Alliance for Consumer Education
- Abbreviation: ACE
- Formation: 2000
- Purpose: To promote responsible and beneficial use of products to ensure a safer, healthier and cleaner environment in homes, businesses and the community
- Location: Washington, D.C.;
- Website: consumered.org

= Alliance for Consumer Education =

The Alliance for Consumer Education (ACE) is a 501(c)(3), non-profit foundation based in Washington, D.C., dedicated to advancing community health and well-being.

Since its founding over a decade ago, ACE has designed and implemented three core programs: Inhalant Abuse Prevention, Disease Prevention, and Heroes of the Health League.

==History==

ACE first emerged in early 2000 when a small group of leaders from the household product industry combined forces with several nonprofit organizations to form a partnership committed to ensuring the health of children, families, and communities across the United States. ACE was formed to promote the responsible and beneficial use of products to ensure a cleaner, safer, and healthier environment, and it officially became a 501(c)(3) nonprofit organization on May 30, 2001.

On October 25, 2011, U.S. Senator Herb Kohl (D-WI) was named as honorary chair. In 2016, Ann Marie Buerkle was named as honorary chair.

==Programs==

===Inhalant Abuse Prevention===
ACE's flagship program, Inhalant Abuse Prevention, is designed to provide parents with practical information about inhalant abuse so they can include it in substance abuse discussions with their children. At the core of this program are the Inhalant Abuse Prevention Kits and Inhalant Abuse Prevention Facilitators Guide and Lesson Plan, which are currently being sent to thousands of schools and communities across the country.

===Disease Prevention===
The goal of ACE's Disease Prevention Program is to strengthen and promote a healthier environment within homes, businesses, and the community by providing information necessary to break the cycle of disease transmission. The program uses its mascots Ace Clean and Professor Grime as aids to educate people on simple steps to keep themselves and their families safe and healthy.

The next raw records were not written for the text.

(* With $P_\lambda$ and its concave hull $\bar P_\lambda$ as below: (a) if $0\le\lambda'<\lambda<1$ and $P_\lambda(q)<\bar P_\lambda(q)$, then $P_{\lambda'}(q)<\bar P_{\lambda'}(q)$; (b) if $1<\lambda<\lambda'$ and $P_\lambda(q)<\bar P_\lambda(q)$, then $P_{\lambda'}(q)<\bar P_{\lambda'}(q)$.
   Context: $F$ is a value distribution (support $[v_L,v_H]$ or $[v_L,\infty)$, $v_L\ge0$, atomless except possibly at $v_H$, finite mean). The value function is $v(q)=\inf\{v:F(v)>1-q\}$ for $q\in[0,1]$ (nonincreasing, nonnegative). For $\lambda\ge0$, $P_\lambda(q)=\lambda\int_0^qv(t)\,dt+(1-\lambda)\,q\,v(q)$ on $[0,1]$, and $\bar P_\lambda$ denotes the concave hull (smallest concave majorant) of $P_\lambda$ on $[0,1]$. *)

From HB Require Import structures.
From mathcomp Require Import all_boot all_order all_algebra.
From mathcomp Require Import all_classical all_reals all_analysis.
Set Implicit Arguments. Unset Strict Implicit. Unset Printing Implicit Defensive.
Import Order.TTheory GRing.Theory Num.Theory numFieldNormedType.Exports.
Local Open Scope classical_set_scope.
Local Open Scope ring_scope.

(* F is a value distribution (CDF) with support [vL, vH] (vH finite) or
   [vL, +oo) (vH = +oo), vL >= 0, atomless except possibly at vH,
   finite mean. *)
Definition value_distribution (R : realType) (F : R -> R) (vL : R)
    (vH : \bar R) : Prop :=
  (0 <= vL) /\ (vL%:E <= vH)%E /\
  {homo F : x y / x <= y} /\
  (forall x, x < vL -> F x = 0) /\
  (* every point of [vL, vH] is in the support *)
  (forall x y, vL <= x -> x < y -> (y%:E <= vH)%E -> F x < F y) /\
  (forall x, (vH <= x%:E)%E -> F x = 1) /\
  (F x @[x --> +oo%R] --> (1 : R)) /\
  (* atomless except possibly at vH (right-continuity at vH follows
     from the previous conditions) *)
  (forall x, x%:E != vH -> {for x, continuous F}) /\
  (* finite mean: E[X] = int_0^oo (1 - F x) dx for X >= 0 *)
  (\int[lebesgue_measure]_(x in `[0%R, +oo[) (1 - F x)%:E < +oo)%E.

Definition value_fun (R : realType) (F : R -> R) (q : R) : R :=
  inf [set x : R | 1 - q < F x].

Definition Plam (R : realType) (F : R -> R) (lam : R) (q : R) : R :=
  lam * fine (\int[lebesgue_measure]_(t in `[0%R, q]) (value_fun F t)%:E)
  + (1 - lam) * q * value_fun F q.

Definition concave01 (R : realType) (g : R -> R) : Prop :=
  forall x y t, 0 <= x <= 1 -> 0 <= y <= 1 -> 0 <= t <= 1 ->
    t * g x + (1 - t) * g y <= g (t * x + (1 - t) * y).

Definition concave_hull (R : realType) (P : R -> R) (q : R) : R :=
  inf [set g q | g in [set g : R -> R |
         concave01 g /\ (forall x, 0 <= x <= 1 -> P x <= g x)]].

(* Write I(q) = int_0^q v and P_lam = lam I + (1 - lam) q v(q).  Eliminating
   q v(q) between two values of lam gives P_lam' = c P_lam - d I with
     c = (1 - lam') / (1 - lam)  and  d = (lam - lam') / (1 - lam),
   and in both regimes of the proposition c > 0 and d >= 0.  As v is
   nonnegative and nonincreasing, I is nonnegative and concave, so for every
   concave majorant g of P_lam' the function (g + d I) / c is a concave
   majorant of P_lam.  Hence c hull(P_lam) - d I <= hull(P_lam'), and a strict
   gap P_lam(q) < hull(P_lam)(q) survives the passage to lam'. *)

From HB Require Import structures.
From mathcomp Require Import all_boot all_order all_algebra.
From mathcomp Require Import all_classical all_reals all_analysis.
From mathcomp Require Import ring lra measurable_realfun.
Import Order.TTheory GRing.Theory Num.Theory numFieldNormedType.Exports.
Set Implicit Arguments.
Unset Strict Implicit.
Unset Printing Implicit Defensive.

Local Open Scope ring_scope.
Local Open Scope classical_set_scope.

Section ConcaveHull.
Variable R : realType.
Implicit Types (P D g h : R -> R) (c q : R).

Definition concave_majorants P : set (R -> R) :=
  [set g | concave01 g /\ (forall x, 0 <= x <= 1 -> P x <= g x)].

Lemma concave01D g h : concave01 g -> concave01 h ->
  concave01 (fun x => g x + h x).
Proof.
move=> cg ch x y t x01 y01 t01.
have := cg x y t x01 y01 t01; have := ch x y t x01 y01 t01; lra.
Qed.

Lemma concave01Z c g : 0 <= c -> concave01 g -> concave01 (fun x => c * g x).
Proof.
move=> c0 cg x y t x01 y01 t01.
rewrite mulrCA [_ * (c * _)]mulrCA -mulrDr.
by rewrite ler_wpM2l // cg.
Qed.

Lemma concave_hull_le P g q : concave_majorants P g -> 0 <= q <= 1 ->
  concave_hull P q <= g q.
Proof.
move=> Pg q01; apply: ge_inf; last by exists g.
by exists (P q) => _ [h [_ Ph] <-]; exact: Ph.
Qed.

Lemma concave_hull_shift P D c q : 0 < c -> concave01 D ->
  (forall x, 0 <= x <= 1 -> 0 <= D x) -> 0 <= q <= 1 ->
  c * concave_hull P q - D q <= concave_hull (fun x => c * P x - D x) q.
Proof.
move=> c0 cD D0 q01.
set P' := fun x => c * P x - D x.
have [[g0 P'g0]|noP'] := pselect (exists g, concave_majorants P' g); last first.
  (* Then both hulls are [inf set0 = 0]. *)
  have noP g : ~ concave_majorants P g.
    move=> [cg Pg]; apply: noP'; exists (fun x => c * g x); split.
      exact: concave01Z (ltW c0) cg.
    by move=> x x01; have := Pg x x01; have := D0 x x01; rewrite /P'; nra.
  rewrite /concave_hull -/(concave_majorants P) -/(concave_majorants P').
  have -> : concave_majorants P = set0 by apply/seteqP; split=> // g /noP.
  have -> : concave_majorants P' = set0.
    by apply/seteqP; split=> // g P'g; apply: noP'; exists g.
  by rewrite image_set0 inf0 mulr0 sub0r oppr_le0 D0.
apply: lb_le_inf; first by exists (g0 q), g0.
move=> _ [g [cg P'g] <-].
have Ph : concave_majorants P (fun x => c^-1 * (g x + D x)).
  split; first by apply/concave01Z/concave01D => //; rewrite invr_ge0 ltW.
  move=> x x01; rewrite ler_pdivlMl //.
  by have := P'g x x01; rewrite /P'; lra.
have := concave_hull_le Ph q01.
by rewrite ler_pdivlMl // -lerBlDr.
Qed.

End ConcaveHull.

Lemma nonincreasing_in_itv_measurable (R : realType) (i : interval R)
    (f : R -> R) :
  {in i &, {homo f : s t /~ s <= t}} -> measurable_fun [set` i] f.
Proof.
move=> f_ni; apply: (measurability (@RGenCInfty.G R)) => [|/= _ [_] [r] -> <-].
  exact: RGenCInfty.measurableE.
apply: is_interval_measurable => s t [/= si] + [/= ti] + u /andP[su ut].
move=> _; rewrite /= in_itv /= andbT => rt.
have ui : u \in i by apply: (interval_is_interval si ti); rewrite su ut.
by split=> //=; rewrite in_itv /= andbT (le_trans rt) // f_ni.
Qed.

Lemma integral_itv_oc_cst (R : realType) (a b c : R) : a < b ->
  (\int[lebesgue_measure]_(t in `]a, b]) c%:E = ((b - a) * c)%:E)%E.
Proof.
move=> ab; rewrite integral_cst //.
have := lebesgue_measure_itv `]a, b]%O; rewrite /= lte_fin ab => ->.
by rewrite -EFinD -EFinM mulrC.
Qed.

Section NonincreasingIntegral.
Variables (R : realType) (v : R -> R).
Hypothesis v_ge0 : forall t, 0 <= t <= 1 -> 0 <= v t.
Hypothesis v_ni : forall s t, 0 < s -> s <= t -> t <= 1 -> v t <= v s.
Implicit Types a b x y t : R.

Local Notation integral0 a :=
  (\int[lebesgue_measure]_(t in `[0%R, a%R]) (v t)%:E)%E.
Local Notation integral_oc a b :=
  (\int[lebesgue_measure]_(t in `]a, b]) (v t)%:E)%E.

Lemma measurable_fun_itv01 : measurable_fun (`[0, 1] : set R) v.
Proof.
rewrite (@itv_bndbnd_setU _ _ (BLeft 0) (BRight 0) (BRight 1)) ?bnd_simp //.
rewrite set_itv1; apply/measurable_funU => //; split.
  exact: measurable_fun_set1.
apply: nonincreasing_in_itv_measurable => s t; rewrite !in_itv /=.
by move=> /andP[_ s1] /andP[t0 _] ts; apply: v_ni.
Qed.

Lemma measurable_fun_sub01 (D : set R) : measurable D -> D `<=` `[0, 1] ->
  measurable_fun D (fun t => (v t)%:E).
Proof.
move=> mD D01; apply/measurable_EFinP.
exact: measurable_funS measurable_fun_itv01.
Qed.

Lemma integral0_split a b : 0 <= a -> a <= b -> b <= 1 ->
  integral0 b = (integral0 a + integral_oc a b)%E.
Proof.
move=> a0 ab b1.
have -> : `[0, b] = `[0, a] `|` `]a, b] :> set R.
  by rewrite -(@itv_bndbnd_setU _ _ _ (BRight a)) ?bnd_simp.
rewrite ge0_integral_setU //.
- apply: measurable_fun_sub01; first exact: measurableU.
  by move=> x /=; rewrite !in_itv /=; case=> /andP[? ?]; apply/andP; split; lra.
- move=> x /=; rewrite !in_itv /= => xab; rewrite lee_fin; apply: v_ge0.
  by case: xab => /andP[? ?]; apply/andP; split; lra.
- rewrite disj_set2E; apply/eqP/seteqP; split => x //= [].
  by rewrite !in_itv /= => /andP[? ?] /andP[? ?]; lra.
Qed.

Lemma integral_oc_ge a b : 0 <= a -> a < b -> b <= 1 ->
  (((b - a) * v b)%:E <= integral_oc a b)%E.
Proof.
move=> a0 ab b1; rewrite -integral_itv_oc_cst //.
have in01 x : a < x <= b -> 0 <= x <= 1.
  by case/andP=> ? ?; apply/andP; split; lra.
apply: ge0_le_integral => //.
- by move=> x _; rewrite lee_fin v_ge0 // in01 // ab lexx.
- by apply: measurable_fun_sub01 => // x; rewrite /= !in_itv /= => /in01.
- by move=> x; rewrite /= in_itv /= => /andP[? ?]; rewrite lee_fin v_ni //; lra.
Qed.

Lemma integral_oc_le a b : 0 < a -> a < b -> b <= 1 ->
  (integral_oc a b <= ((b - a) * v a)%:E)%E.
Proof.
move=> a0 ab b1; rewrite -integral_itv_oc_cst //.
have in01 x : a < x <= b -> 0 <= x <= 1.
  by case/andP=> ? ?; apply/andP; split; lra.
apply: ge0_le_integral => //.
- by move=> x; rewrite /= in_itv /= => /in01; rewrite lee_fin; exact: v_ge0.
- by apply: measurable_fun_sub01 => // x; rewrite /= !in_itv /= => /in01.
- by move=> x; rewrite /= in_itv /= => /andP[? ?]; rewrite lee_fin v_ni //; lra.
Qed.

Lemma integral0_ge0 a : a <= 1 -> (0 <= integral0 a)%E.
Proof.
move=> a1; apply: integral_ge0 => x /=; rewrite in_itv /= => /andP[? ?].
by rewrite lee_fin v_ge0 //; apply/andP; split; lra.
Qed.

Lemma integral_oc_fin_num a b : 0 < a -> a < b -> b <= 1 ->
  integral_oc a b \is a fin_num.
Proof.
move=> a0 ab b1; rewrite ge0_fin_numE; last first.
  apply: integral_ge0 => x /=; rewrite in_itv /= => /andP[? ?].
  by rewrite lee_fin v_ge0 //; apply/andP; split; lra.
exact: le_lt_trans (integral_oc_le a0 ab b1) (ltry _).
Qed.

Lemma integral0_fin_numE a b : 0 < a -> a < b -> b <= 1 ->
  (integral0 b \is a fin_num) = (integral0 a \is a fin_num).
Proof.
move=> a0 ab b1.
rewrite (integral0_split (ltW a0) (ltW ab) b1) fin_numD.
by rewrite integral_oc_fin_num ?andbT.
Qed.

Lemma integral0_chord x y t : 0 <= x -> x < y -> y <= 1 -> 0 < t < 1 ->
  t * fine (integral0 x) + (1 - t) * fine (integral0 y) <=
  fine (integral0 (t * x + (1 - t) * y)).
Proof.
move=> x0 xy y1 /andP[t0 t1].
set z := t * x + (1 - t) * y.
have xz : x < z by rewrite /z; nra.
have zy : z < y by rewrite /z; nra.
have z0 : 0 < z by lra.
have [Jz_fin|Jz_nfin] := boolP (integral0 z \is a fin_num); last first.
  (* A divergent integral diverges on all of ]0, 1], so every [fine] is 0. *)
  have fine_nfin w : integral0 w \isn't a fin_num -> fine (integral0 w) = 0.
    by case/fin_numPn => ->.
  have -> : fine (integral0 x) = 0.
    have [->|x_neq0] := eqVneq x 0; first by rewrite set_itv1 integral_set1.
    by apply: fine_nfin; rewrite -(integral0_fin_numE _ xz) //; lra.
  by rewrite !fine_nfin ?(integral0_fin_numE z0 zy y1) // !mulr0 addr0.
have Jz := integral0_split x0 (ltW xz) (ltW (lt_le_trans zy y1)).
have Jy := integral0_split (ltW z0) (ltW zy) y1.
have Kzy_fin := integral_oc_fin_num z0 zy y1.
have := Jz_fin; rewrite Jz fin_numD => /andP[Jx_fin Kxz_fin].
rewrite Jy (fineD Jz_fin Kzy_fin) Jz (fineD Jx_fin Kxz_fin).
have vz0 : 0 <= v z by apply: v_ge0; apply/andP; split; lra.
have Kxz_ge : (z - x) * v z <= fine (integral_oc x z).
  by rewrite -lee_fin fineK // integral_oc_ge //; lra.
have Kzy_le : fine (integral_oc z y) <= (y - z) * v z.
  by rewrite -lee_fin fineK // integral_oc_le.
(* v >= v z on ]x, z] and v <= v z on ]z, y], two intervals of equal weight. *)
have same_mass : (1 - t) * ((y - z) * v z) = t * ((z - x) * v z).
  by rewrite /z; ring.
have t1' : 0 <= 1 - t by lra.
have := ler_wpM2l t1' Kzy_le.
have := ler_wpM2l (ltW t0) Kxz_ge.
lra.
Qed.

Lemma integral0_concave : concave01 (fun q => fine (integral0 q)).
Proof.
move=> x y t /andP[x0 x1] /andP[y0 y1] /andP[t0 t1].
have [->|t_neq0] := eqVneq t 0; first by rewrite subr0 !mul0r !mul1r !add0r.
have [->|t_neq1] := eqVneq t 1; first by rewrite subrr !mul0r !mul1r !addr0.
have t01 : 0 < t < 1 by rewrite !lt_neqAle eq_sym t_neq0 t_neq1 t0 t1.
have t01' : 0 < 1 - t < 1 by apply/andP; split; lra.
have [xy|yx|<-] := ltgtP x y.
- exact: integral0_chord.
- have := integral0_chord y0 yx x1 t01'.
  by rewrite subKr addrC [_ * y + _]addrC.
- by rewrite -!mulrDl addrC subrK !mul1r.
Qed.

End NonincreasingIntegral.

Section ValueFunction.
Variables (R : realType) (F : R -> R) (vL : R) (vH : \bar R).
Hypothesis hF : value_distribution F vL vH.

Lemma value_set_lbound q : q <= 1 -> lbound [set x | 1 - q < F x] vL.
Proof.
case: hF => _ [_ [_ [F_below _]]] q1 x /= Fx.
by rewrite leNgt; apply/negP => /F_below F0; move: Fx; rewrite F0; lra.
Qed.

Lemma value_set_neq0 q : 0 < q -> [set x | 1 - q < F x] !=set0.
Proof.
case: hF => _ [_ [_ [_ [_ [_ [F_cvg1 _]]]]]] q0.
have q1 : 1 - q < 1 by lra.
by have [M _ FM] := pinfty_ex_gt (num_real 0) (cvgr_gt 1 F_cvg1 _ q1); exists M.
Qed.

Lemma value_fun_ge0 q : q <= 1 -> 0 <= value_fun F q.
Proof.
case: hF => vL0 _ q1; rewrite /value_fun.
have [->|/set0P ne] := eqVneq [set x | 1 - q < F x] set0; first by rewrite inf0.
exact: le_trans vL0 (lb_le_inf ne (value_set_lbound q1)).
Qed.

Lemma value_fun_noninc s t : 0 < s -> s <= t -> t <= 1 ->
  value_fun F t <= value_fun F s.
Proof.
move=> s0 st t1; rewrite /value_fun.
apply: lb_le_inf (value_set_neq0 s0) _ => x /= Fx.
apply: ge_inf; first by exists vL; exact: value_set_lbound.
rewrite /=; lra.
Qed.

End ValueFunction.

Lemma Plam_reparam (R : realType) (F : R -> R) (lam lam' : R) : lam != 1 ->
  Plam F lam' = (fun x => (1 - lam') / (1 - lam) * Plam F lam x -
    (lam - lam') / (1 - lam) *
    fine (\int[lebesgue_measure]_(t in `[0%R, x]) (value_fun F t)%:E)).
Proof.
move=> lam_neq1; apply/funext => x; rewrite /Plam.
by field; rewrite subr_eq0 eq_sym.
Qed.

Lemma Plam_gap_transfer (R : realType) (F : R -> R) vL vH (q lam lam' : R) :
  value_distribution F vL vH -> 0 <= q <= 1 ->
  0 < (1 - lam') / (1 - lam) -> 0 <= (lam - lam') / (1 - lam) ->
  Plam F lam q < concave_hull (Plam F lam) q ->
  Plam F lam' q < concave_hull (Plam F lam') q.
Proof.
move=> hF q01 c0 d0 gap.
have lam_neq1 : lam != 1.
  by apply: contraTneq c0 => ->; rewrite subrr invr0 mulr0 ltxx.
have v_ge0 (t : R) : 0 <= t <= 1 -> 0 <= value_fun F t.
  by case/andP=> _ t1; exact: (value_fun_ge0 hF t1).
have I_concave := integral0_concave v_ge0 (value_fun_noninc hF).
rewrite (Plam_reparam F lam' lam_neq1).
set I := fun x => fine _ in I_concave.
have D0 x : 0 <= x <= 1 -> 0 <= (lam - lam') / (1 - lam) * I x.
  by case/andP=> _ x1; rewrite mulr_ge0 // fine_ge0 // integral0_ge0.
apply: lt_le_trans (concave_hull_shift _ c0 (concave01Z d0 I_concave) D0 q01).
by rewrite ltrD2r ltr_pM2l.
Qed.

Theorem propositionB2 (R : realType) (F : R -> R) (vL : R) (vH : \bar R)
  (q : R) :
  value_distribution F vL vH -> 0 <= q <= 1 ->
  (forall lam lam' : R, 0 <= lam' -> lam' < lam -> lam < 1 ->
     Plam F lam q < concave_hull (Plam F lam) q ->
     Plam F lam' q < concave_hull (Plam F lam') q) /\
  (forall lam lam' : R, 1 < lam -> lam < lam' ->
     Plam F lam q < concave_hull (Plam F lam) q ->
     Plam F lam' q < concave_hull (Plam F lam') q).
Proof.
move=> hF q01; split=> lam lam' *.
all: apply: (Plam_gap_transfer (lam := lam) hF q01) => //.
- by apply: divr_gt0; lra.
- by apply: divr_ge0; lra.
- by rewrite -divrNN !opprB; apply: divr_gt0; lra.
- by rewrite -divrNN !opprB; apply: divr_ge0; lra.
Qed.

===Heroes of the Health League===

Heroes of the Health League was launched in 2011. It offers an all-encompassing look at the home, covering topics relating to poison prevention, proper disposal and storage, pet safety, fire safety, and sustainability concepts.

==Partnerships==
- On October 1, 2010, Ace Clean, ACE's disease-fighting superhero mascot, appeared in Times Square with Iron Man to host a hand washing demonstration. In 2011, the Alliance for Consumer Education received a Media Relations honorable mention at the PR News' Nonprofit PR Awards for this event.
- In 2011, ACE partnered with the Minnesota Twins to launch "Strike Out Inhalant Abuse in Minnesota", an event to provide information about inhalant abuse prevention.
- In September 2012 the Alliance for Consumer Education partnered with Marvel to craft a new poster of Iron Man and Ace Clean, the Alliance for Consumer Education mascot, along with Ace Clean's nemesis Professor Grime. The poster featured the action heroes accompanied by facts on germ prevention and games to entertain kids of all ages.
- In 2012, the Alliance for Consumer Education partnered with six minor league baseball teams: Portland Sea Dogs, Vermont Lake Monsters, Lowell Spinners, New Britain Rock Cats, Pawtucket Red Sox, and New Hampshire Fischer Cats as part of their "Strike-Out Inhalant Abuse" campaign to raise awareness of inhalant abuse. The teams worked with their local chapters of SADD to conduct school assemblies and each team held an "Awareness Night" baseball game to spread awareness of Inhalant Abuse to fans.
- In March 2013 the Alliance for Consumer Education partnered with the YMCA, The American Association of Poison Control Centers and Superheroes for Kids for their "Be A Superhero in Your Home" event on March 22, 2013. The event took place during National Inhalant and Poison Awareness Week at the Arlington YMCA and focused on educating children about inhalant abuse and poison prevention.